■ RECORDS SUPPLIED ■
┄┄┄┄┄┄┄┄┄┄
Lemma wb_row_mx_ge x y z : supp x \subset supp y :|: supp z -> (wb b x <= wb b (row_mx y z))%N.
Proof.
move=> x_yz; pose w := row_mx y z.
pose f t := if lshift n t \in chi b w then lshift n t else rshift n t.
have fK : cancel f fold by move=> t; rewrite /f; case: ifP; rewrite ?fold_lshift ?fold_rshift.
rewrite /wb -(card_imset _ (can_inj fK)); apply/subset_leq_card/subsetP => _ /imsetP[t tx ->].
rewrite /f; case: ifPn => // t_notin.
have tx' : fold (lshift n t) \in chi b x by rewrite fold_lshift.
by have /orP[] := chi_unfoldU x_yz tx'; rewrite ?(negPf t_notin) // twin_lshift.
Qed.

Lemma wb_row_mx_ge_double x y z : supp x \subset supp y :&: supp z ->
  (2 * wb b x <= wb b (row_mx y z))%N.
Proof. by move=> x_yz; rewrite /wb -card_fold_preimset subset_leq_card // chi_unfoldI. Qed.

Lemma wb_row_mx_le_double x y z : supp y :|: supp z \subset supp x ->
  (wb b (row_mx y z) <= 2 * wb b x)%N.
Proof. by move=> yz_x; rewrite /wb -card_fold_preimset subset_leq_card // chi_fold. Qed.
┄┄┄┄┄┄┄┄┄┄
■ TASK BRIEF ■
In the entries above, find each line with "pose" and copy it.

■ FINISHED TASK ■
move=> x_yz; pose w := row_mx y z.
pose f t := if lshift n t \in chi b w then lshift n t else rshift n t.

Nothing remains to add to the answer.